Traceback (most recent call last):
File "test.py", line 59, in <module>
p.feed( data )
File "/usr/lib/python2.7/HTMLParser.py", line 114, in feed
self.goahead(0)
File "/usr/lib/python2.7/HTMLParser.py", line 158, in goahead
k = self.parse_starttag(i)
File "/usr/lib/python2.7/HTMLParser.py", line 305, in parse_starttag
attrvalue = self.unescape(attrvalue)
File "/usr/lib/python2.7/HTMLParser.py", line 472, in unescape
return re.sub(r"&(#?[xX]?(?:[0-9a-fA-F]+|\w{1,8}));", replaceEntities, s)
File "/usr/lib/python2.7/re.py", line 151, in sub
return _compile(pattern, flags).sub(repl, string, count)
UnicodeDecodeError: 'ascii' codec can't decode byte 0xc3 in position 56: ordinal not in range(128)

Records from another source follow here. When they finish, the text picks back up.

(* Let $V$ be a finite nonempty set, let $d \ge 1$ be an integer, and let $R = (\le_1, \ldots, \le_d)$ be a $d$-representation on $V$. Then the supremum section $\Sigma(R)$ is collapsible.
   Context: A $d$-representation on $V$ is a family of $d$ linear orders $\le_1,\ldots,\le_d$ on $V$. For a linear order $\le$ on $V$, $x\in V$ and $F\subseteq V$, $x$ dominates $F$ in $\le$ if $f\le x$ for every $f\in F$; $x$ dominates $F$ in $R$ if $x$ dominates $F$ in some $\le_i$. The supremum section $\Sigma(R)$ is the set of all subsets $F\subseteq V$ such that every $v\in V$ dominates $F$ in $R$ (in particular $\emptyset\in\Sigma(R)$); it is an abstract simplicial complex (a family of subsets of $V$ closed under taking subsets), whose elements are called faces and whose inclusion-maximal faces are called facets. A face $F$ of a simplicial complex $\Delta$ is free if it is nonempty, not maximal, and contained in exactly one facet of $\Delta$. $\Delta$ collapses to $\Gamma$ if there are simplicial complexes $\Delta_1=\Delta,\Delta_2,\ldots,\Delta_k=\Gamma$ and, for each $i\le k-1$, a free face $F_i$ of $\Delta_i$ with $\Delta_{i+1}=\Delta_i\setminus\{F\in\Delta_i : F_i\subseteq F\}$. $\Delta$ is collapsible if it collapses to a point, i.e. to a complex of the form $\{\emptyset,\{v\}\}$. *)

From mathcomp Require Import all_boot.
Set Implicit Arguments. Unset Strict Implicit. Unset Printing Implicit Defensive.

Definition linear_order (V : finType) (le : rel V) : Prop :=
  [/\ reflexive le, antisymmetric le, transitive le & total le].

Definition d_representation (V : finType) (d : nat) (R : 'I_d -> rel V) : Prop :=
  forall i, linear_order (R i).

Definition dominates (V : finType) (le : rel V) (x : V) (F : {set V}) : bool :=
  [forall f in F, le f x].

Definition dominatesR (V : finType) (d : nat) (R : 'I_d -> rel V) (x : V)
  (F : {set V}) : bool :=
  [exists i : 'I_d, dominates (R i) x F].

Definition supremum_section (V : finType) (d : nat) (R : 'I_d -> rel V)
  : {set {set V}} :=
  [set F : {set V} | [forall v : V, dominatesR R v F]].
(* Let $a$ be a real number. The inequality $S_{n,a}(x)>0$ holds for all integers $n\ge1$ and all real $x\in(0,\pi)$ if and only if $a\ge1$.
   Context: For a real number $a$ and integers $0\le m$, $\binom{m+a}{m}=\frac{(a+1)(a+2)\cdots(a+m)}{m!}$ (equal to $1$ when $m=0$). For an integer $n\ge1$, $S_{n,a}(x)=\sum_{j=1}^n\binom{n+a-j}{n-j}\sin(jx)$. *)

From Stdlib Require Import Reals Arith.
Open Scope R_scope.

Fixpoint rise (a : R) (m : nat) : R :=
  match m with
  | O => 1
  | S k => rise a k * (a + INR (S k))
  end.

(* Generalized binomial  binom(m+a, m) = (a+1)...(a+m)/m!  (= 1 when m = 0). *)
Definition gbinom (m : nat) (a : R) : R := rise a m / INR (fact m).

(* S_{n,a}(x) = sum_{j=1}^n binom(n+a-j, n-j) sin(j x). *)
Fixpoint Ssum (n : nat) (a x : R) (k : nat) : R :=
  match k with
  | O => 0
  | S j => Ssum n a x j + gbinom (n - S j) a * sin (INR (S j) * x)
  end.

Definition S_na (n : nat) (a x : R) : R := Ssum n a x n.

From Stdlib Require Import Reals Arith Lra Lia.
Open Scope R_scope.

(* The coefficients of S_{n,a} are the convolution of binom(m+a-2, m) with m+1,
   so S_{n,a} = sum_i binom(i+a-2, i) F_{n-i}, where
   F_m(x) = sum_{j=1}^m (m+1-j) sin(j x) = S_{m,1}(x) is a Fejer-type kernel.
   For a >= 1 the weights are nonnegative with leading weight 1, and
   2 (1 - cos x) F_m(x) = (m+1) sin x - sin((m+1) x) > 0 on (0, pi), whence
   S_{n,a} > 0.  For a < 1 already S_{2,a}(x) = sin x (a + 1 + 2 cos x) is
   negative for x close to pi. *)

(* [sumR n f] = f 0 + ... + f (n-1); unlike [sum_f_R0] it can be empty. *)
Fixpoint sumR (n : nat) (f : nat -> R) : R :=
  match n with O => 0 | S k => sumR k f + f k end.

Lemma sumR_ext n f g :
  (forall i, (i < n)%nat -> f i = g i) -> sumR n f = sumR n g.
Proof.
  induction n as [|n IH]; intro Hfg; simpl; [reflexivity|].
  rewrite IH by (intros; apply Hfg; lia).
  rewrite Hfg by lia. reflexivity.
Qed.

Lemma sumR_add n f g : sumR n (fun i => f i + g i) = sumR n f + sumR n g.
Proof. induction n as [|n IH]; simpl; [ring | rewrite IH; ring]. Qed.

Lemma sumR_mult_l n c f : sumR n (fun i => c * f i) = c * sumR n f.
Proof. induction n as [|n IH]; simpl; [ring | rewrite IH; ring]. Qed.

Lemma sumR_Sl n f : sumR (S n) f = f 0%nat + sumR n (fun j => f (S j)).
Proof. induction n as [|n IH]; simpl in *; [ring | rewrite IH; ring]. Qed.

Lemma sumR_rev n f : sumR n f = sumR n (fun j => f (n - S j)%nat).
Proof.
  induction n as [|n IH]; [reflexivity|].
  rewrite (sumR_Sl n (fun j => f (S n - S j)%nat)).
  simpl. rewrite Nat.sub_0_r, IH. ring.
Qed.

Lemma sumR_nonneg n f : (forall i, (i < n)%nat -> 0 <= f i) -> 0 <= sumR n f.
Proof.
  induction n as [|n IH]; intro Hf; simpl; [lra|].
  assert (0 <= sumR n f) by (apply IH; intros; apply Hf; lia).
  assert (0 <= f n) by (apply Hf; lia).
  lra.
Qed.

Lemma sumR_triangle_S n (h : nat -> nat -> R) :
  sumR (S n) (fun j => sumR (S n - j) (h j))
  = sumR n (fun j => sumR (n - j) (h j)) + sumR (S n) (fun j => h j (n - j)%nat).
Proof.
  rewrite (sumR_ext (S n) _ (fun j => sumR (n - j) (h j) + h j (n - j)%nat)).
  - rewrite sumR_add; simpl; rewrite Nat.sub_diag; simpl; ring.
  - intros j Hj. replace (S n - j)%nat with (S (n - j)) by lia. reflexivity.
Qed.

Lemma sumR_triangle n (g : nat -> nat -> R) :
  sumR n (fun j => sumR (n - j) (fun i => g i j))
  = sumR n (fun i => sumR (n - i) (fun j => g i j)).
Proof.
  induction n as [|n IH]; [reflexivity|].
  rewrite (sumR_triangle_S n (fun j i => g i j)), (sumR_triangle_S n (fun i j => g i j)), IH.
  f_equal. rewrite sumR_rev. apply sumR_ext. intros i Hi.
  replace (n - (S n - S i))%nat with i by lia.
  replace (S n - S i)%nat with (n - i)%nat by lia. reflexivity.
Qed.

Definition sin_poly (c : nat -> R) (n : nat) (x : R) : R :=
  sumR n (fun j => c (n - S j)%nat * sin (INR (S j) * x)).

Lemma S_na_sin_poly n a x : S_na n a x = sin_poly (fun m => gbinom m a) n x.
Proof.
  unfold S_na, sin_poly.
  assert (Hk : forall k,
    Ssum n a x k = sumR k (fun j => gbinom (n - S j) a * sin (INR (S j) * x))).
  { induction k as [|k IH]; simpl; [reflexivity | rewrite IH; reflexivity]. }
  apply Hk.
Qed.

Lemma sin_poly_conv (c d e : nat -> R) n x :
  (forall m, c m = sumR (S m) (fun i => d i * e (m - i)%nat)) ->
  sin_poly c n x = sumR n (fun i => d i * sin_poly e (n - i) x).
Proof.
  intro Hc. unfold sin_poly.
  transitivity (sumR n (fun j => sumR (n - j)
     (fun i => d i * e (n - S j - i)%nat * sin (INR (S j) * x)))).
  { apply sumR_ext; intros j Hj. rewrite Hc.
    replace (S (n - S j)) with (n - j)%nat by lia.
    rewrite Rmult_comm, <- sumR_mult_l. apply sumR_ext; intros; ring. }
  rewrite sumR_triangle. apply sumR_ext; intros i Hi. rewrite <- sumR_mult_l.
  apply sumR_ext; intros j Hj.
  replace (n - S j - i)%nat with (n - i - S j)%nat by lia. ring.
Qed.

Lemma gbinom_0 b : gbinom 0 b = 1.
Proof. unfold gbinom; simpl; field. Qed.

Lemma rise_pred b m : rise (b - 1) (S m) = b * rise b m.
Proof.
  induction m as [|m IH]; [simpl; ring|].
  change (rise (b - 1) (S (S m))) with (rise (b - 1) (S m) * (b - 1 + INR (S (S m)))).
  change (rise b (S m)) with (rise b m * (b + INR (S m))).
  rewrite IH, (S_INR (S m)). ring.
Qed.

Lemma gbinom_pascal b m : gbinom (S m) b = gbinom m b + gbinom (S m) (b - 1).
Proof.
  unfold gbinom. rewrite rise_pred.
  change (rise b (S m)) with (rise b m * (b + INR (S m))).
  rewrite fact_simpl, mult_INR.
  assert (0 < INR (fact m)) by apply INR_fact_lt_0.
  assert (0 < INR (S m)) by (apply lt_0_INR; lia).
  field. lra.
Qed.

Lemma gbinom_hockey_stick b m : gbinom m b = sumR (S m) (fun i => gbinom i (b - 1)).
Proof.
  induction m as [|m IH]; [simpl; rewrite !gbinom_0; ring|].
  rewrite gbinom_pascal, IH. reflexivity.
Qed.

Lemma gbinom_sub2_conv a m :
  gbinom m a = sumR (S m) (fun i => gbinom i (a - 2) * INR (S (m - i))).
Proof.
  induction m as [|m IH]; [simpl; rewrite !gbinom_0; ring|].
  rewrite gbinom_pascal, IH, (gbinom_hockey_stick (a - 1)).
  replace (a - 1 - 1) with (a - 2) by ring.
  rewrite (sumR_ext (S (S m)) (fun i => gbinom i (a - 2) * INR (S (S m - i)))
       (fun i => gbinom i (a - 2) * INR (S m - i) + gbinom i (a - 2))).
  - rewrite sumR_add.
    change (sumR (S (S m)) (fun i => gbinom i (a - 2) * INR (S m - i)))
      with (sumR (S m) (fun i => gbinom i (a - 2) * INR (S m - i))
            + gbinom (S m) (a - 2) * INR (S m - S m)).
    rewrite Nat.sub_diag, Rmult_0_r, Rplus_0_r.
    rewrite (sumR_ext (S m) (fun i => gbinom i (a - 2) * INR (S m - i))
              (fun i => gbinom i (a - 2) * INR (S (m - i)))); [reflexivity|].
    intros i Hi. replace (S m - i)%nat with (S (m - i)) by lia. reflexivity.
  - intros i Hi. replace (S (S m) - i)%nat with (S (S m - i)) by lia.
    rewrite S_INR. ring.
Qed.

Lemma rise_nonneg b m : -1 <= b -> 0 <= rise b m.
Proof.
  intro Hb. induction m as [|m IH]; [simpl; lra|].
  change (rise b (S m)) with (rise b m * (b + INR (S m))).
  apply Rmult_le_pos; [assumption|].
  pose proof (pos_INR m). rewrite S_INR. lra.
Qed.

Lemma gbinom_nonneg b m : -1 <= b -> 0 <= gbinom m b.
Proof.
  intro Hb. apply Rmult_le_pos; [apply rise_nonneg; assumption|].
  left. apply Rinv_0_lt_compat, INR_fact_lt_0.
Qed.

Lemma sin_sum_closed x k :
  2 * (1 - cos x) * sumR k (fun j => sin (INR (S j) * x))
  = sin x + sin (INR k * x) - sin (INR (S k) * x).
Proof.
  induction k as [|k IH].
  - simpl. rewrite Rmult_0_l, sin_0, Rmult_1_l. ring.
  - change (sumR (S k) (fun j => sin (INR (S j) * x)))
      with (sumR k (fun j => sin (INR (S j) * x)) + sin (INR (S k) * x)).
    rewrite Rmult_plus_distr_l, IH.
    replace (INR (S (S k)) * x) with (INR (S k) * x + x) by (rewrite (S_INR (S k)); ring).
    replace (INR k * x) with (INR (S k) * x - x) by (rewrite (S_INR k); ring).
    rewrite sin_plus, sin_minus. ring.
Qed.

(* The weight [m - j] equals [sin_poly]'s [S (m - S j)] for [j < m], but
   vanishes at [j = m], which makes the induction step peel off cleanly. *)
Lemma fejer_closed x m :
  2 * (1 - cos x) * sumR m (fun j => INR (m - j) * sin (INR (S j) * x))
  = INR (S m) * sin x - sin (INR (S m) * x).
Proof.
  induction m as [|m IH]; [simpl; replace (1 * x) with x by ring; ring|].
  rewrite (sumR_ext (S m) _
    (fun j => INR (m - j) * sin (INR (S j) * x) + sin (INR (S j) * x))).
  - rewrite sumR_add, Rmult_plus_distr_l, sin_sum_closed.
    change (sumR (S m) (fun j => INR (m - j) * sin (INR (S j) * x)))
      with (sumR m (fun j => INR (m - j) * sin (INR (S j) * x))
            + INR (m - m) * sin (INR (S m) * x)).
    rewrite Nat.sub_diag, Rmult_0_l, Rplus_0_r, IH, (S_INR (S m)). ring.
  - intros j Hj. replace (S m - j)%nat with (S (m - j)) by lia. rewrite S_INR. ring.
Qed.

Lemma Rabs_sin_mult_le x k : Rabs (sin (INR k * x)) <= INR k * Rabs (sin x).
Proof.
  induction k as [|k IH].
  - simpl. rewrite Rmult_0_l, sin_0, Rabs_R0. lra.
  - rewrite S_INR, Rmult_plus_distr_r, Rmult_1_l, sin_plus.
    eapply Rle_trans; [apply Rabs_triang|]. rewrite !Rabs_mult.
    assert (Rabs (cos x) <= 1) by (apply Rabs_le, COS_bound).
    assert (Rabs (cos (INR k * x)) <= 1) by (apply Rabs_le, COS_bound).
    pose proof (Rabs_pos (sin (INR k * x))). pose proof (Rabs_pos (sin x)).
    pose proof (Rabs_pos (cos x)). pose proof (Rabs_pos (cos (INR k * x))).
    nra.
Qed.

Lemma Rabs_sin_mult_lt x k : 0 < x < PI -> (2 <= k)%nat ->
  Rabs (sin (INR k * x)) < INR k * sin x.
Proof.
  intros Hx Hk. destruct k as [|k]; [lia|].
  pose proof (sin_gt_0 x (proj1 Hx) (proj2 Hx)) as Hsin.
  pose proof (Rabs_sin_mult_le x k) as Hle. rewrite (Rabs_right (sin x)) in Hle by lra.
  assert (1 <= INR k) by (apply (le_INR 1); lia).
  assert (Rabs (cos x) < 1).
  { pose proof (sin2_cos2 x). unfold Rsqr in *. apply Rabs_def1; nra. }
  assert (Rabs (cos (INR k * x)) <= 1) by (apply Rabs_le, COS_bound).
  rewrite S_INR, Rmult_plus_distr_r, Rmult_1_l, sin_plus.
  eapply Rle_lt_trans; [apply Rabs_triang|]. rewrite !Rabs_mult, (Rabs_right (sin x)) by lra.
  pose proof (Rabs_pos (sin (INR k * x))). pose proof (Rabs_pos (cos x)).
  pose proof (Rabs_pos (cos (INR k * x))).
  assert (Rabs (sin (INR k * x)) * Rabs (cos x) <= INR k * sin x * Rabs (cos x)).
  { apply Rmult_le_compat_r; lra. }
  assert (INR k * sin x * Rabs (cos x) < INR k * sin x).
  { rewrite <- (Rmult_1_r (INR k * sin x)) at 2. apply Rmult_lt_compat_l; nra. }
  nra.
Qed.

Lemma fejer_pos x m : 0 < x < PI -> (1 <= m)%nat ->
  0 < sin_poly (fun l => INR (S l)) m x.
Proof.
  intros Hx Hm. unfold sin_poly.
  rewrite (sumR_ext m _ (fun j => INR (m - j) * sin (INR (S j) * x))).
  2:{ intros j Hj. replace (S (m - S j)) with (m - j)%nat by lia. reflexivity. }
  pose proof (fejer_closed x m).
  pose proof (Rabs_sin_mult_lt x (S m) Hx ltac:(lia)).
  pose proof (Rle_abs (sin (INR (S m) * x))).
  pose proof (sin_gt_0 x (proj1 Hx) (proj2 Hx)).
  assert (cos x < 1) by (pose proof (sin2_cos2 x); unfold Rsqr in *; nra).
  nra.
Qed.

Lemma S_na_pos n a x : 1 <= a -> (1 <= n)%nat -> 0 < x < PI -> 0 < S_na n a x.
Proof.
  intros Ha Hn Hx.
  rewrite S_na_sin_poly, (sin_poly_conv (fun m => gbinom m a) (fun i => gbinom i (a - 2))
                     (fun l => INR (S l)) n x (gbinom_sub2_conv a)).
  destruct n as [|n]; [lia|].
  rewrite sumR_Sl, gbinom_0, Nat.sub_0_r, Rmult_1_l.
  assert (0 < sin_poly (fun l => INR (S l)) (S n) x) by (apply fejer_pos; auto; lia).
  assert (0 <= sumR n (fun i =>
            gbinom (S i) (a - 2) * sin_poly (fun l => INR (S l)) (S n - S i) x)).
  { apply sumR_nonneg. intros i Hi. apply Rmult_le_pos.
    - apply gbinom_nonneg; lra.
    - left. apply fejer_pos; auto; lia. }
  lra.
Qed.

Lemma S_na_2 a x : S_na 2 a x = sin x * (a + 1 + 2 * cos x).
Proof.
  unfold S_na. simpl. rewrite gbinom_0.
  replace ((1 + 1) * x) with (2 * x) by ring. rewrite sin_2a, Rmult_1_l.
  unfold gbinom. simpl. field.
Qed.

Lemma S_na_2_neg a : a < 1 -> exists x, 0 < x < PI /\ S_na 2 a x < 0.
Proof.
  intro Ha. set (y := -1 + Rmin 1 ((1 - a) / 4)).
  assert (Rmin 1 ((1 - a) / 4) <= 1) by apply Rmin_l.
  assert (Rmin 1 ((1 - a) / 4) <= (1 - a) / 4) by apply Rmin_r.
  assert (0 < Rmin 1 ((1 - a) / 4)) by (apply Rmin_glb_lt; lra).
  assert (Hy : -1 < y < 1) by (unfold y; lra).
  exists (acos y). pose proof (acos_bound_lt y Hy) as Hacos.
  split; [exact Hacos|].
  rewrite S_na_2, cos_acos by lra.
  pose proof (sin_gt_0 _ (proj1 Hacos) (proj2 Hacos)).
  assert (a + 1 + 2 * y < 0) by (unfold y; lra).
  nra.
Qed.

Theorem theorem3p4 (a : R) :
  (forall (n : nat) (x : R), (1 <= n)%nat -> 0 < x < PI -> S_na n a x > 0)
  <-> 1 <= a.
Proof.
  split.
  - intro Hpos. apply Rnot_lt_le. intro Ha.
    destruct (S_na_2_neg a Ha) as (x & Hx & Hneg).
    specialize (Hpos 2%nat x ltac:(lia) Hx). lra.
  - intros Ha n x Hn Hx. apply S_na_pos; assumption.
Qed.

Using the suggestions i found in the found, i did the .encode('utf-8') method, but it still gives me error. how to fix this ? thanks

dorothy
  • 1,213
  • 5
  • 20
  • 35
  • 1
    That error message should come with a file name and line number pointing you to which line is giving the error. Which line is it? – Sam Mussmann Dec 20 '13 at 19:03
  • @SamMussmann, i added the actual trace back. thanks – dorothy Dec 20 '13 at 23:44
  • HTML parsers parse HTML. That's an actual image. Why don't you just download the file? – Blender Dec 20 '13 at 23:47
  • @Blender, actually the img url comes after i do some string manipulation during runtime. So i won't know the exact url at the start. – dorothy Dec 20 '13 at 23:50
  • @dorothy: But the problem remains: is `url` pointing to an HTML page (like [this](http://en.wikipedia.org/wiki/File:Greatest_common_divisor_chart.png)), or is it the URL for a PNG image (like [this](http://upload.wikimedia.org/wikipedia/commons/a/ad/Greatest_common_divisor_chart.png))? – Blender Dec 20 '13 at 23:54
  • @Blender, yes, the self.url will eventually contain the PNG image link. The html page i will have to parse it to get to that png image link and then store in self.url – dorothy Dec 21 '13 at 00:00
  • here's an [example how `Content-type` header is used to get character encoding and HTMLParser is used to get cities names](http://stackoverflow.com/a/13517891/4279). – jfs Dec 21 '13 at 01:28

1 Answers1

1

Replace

content = urllib2.urlopen( url.encode('utf-8') ).read()

with

content = urllib2.urlopen(url).read().decode('utf-8')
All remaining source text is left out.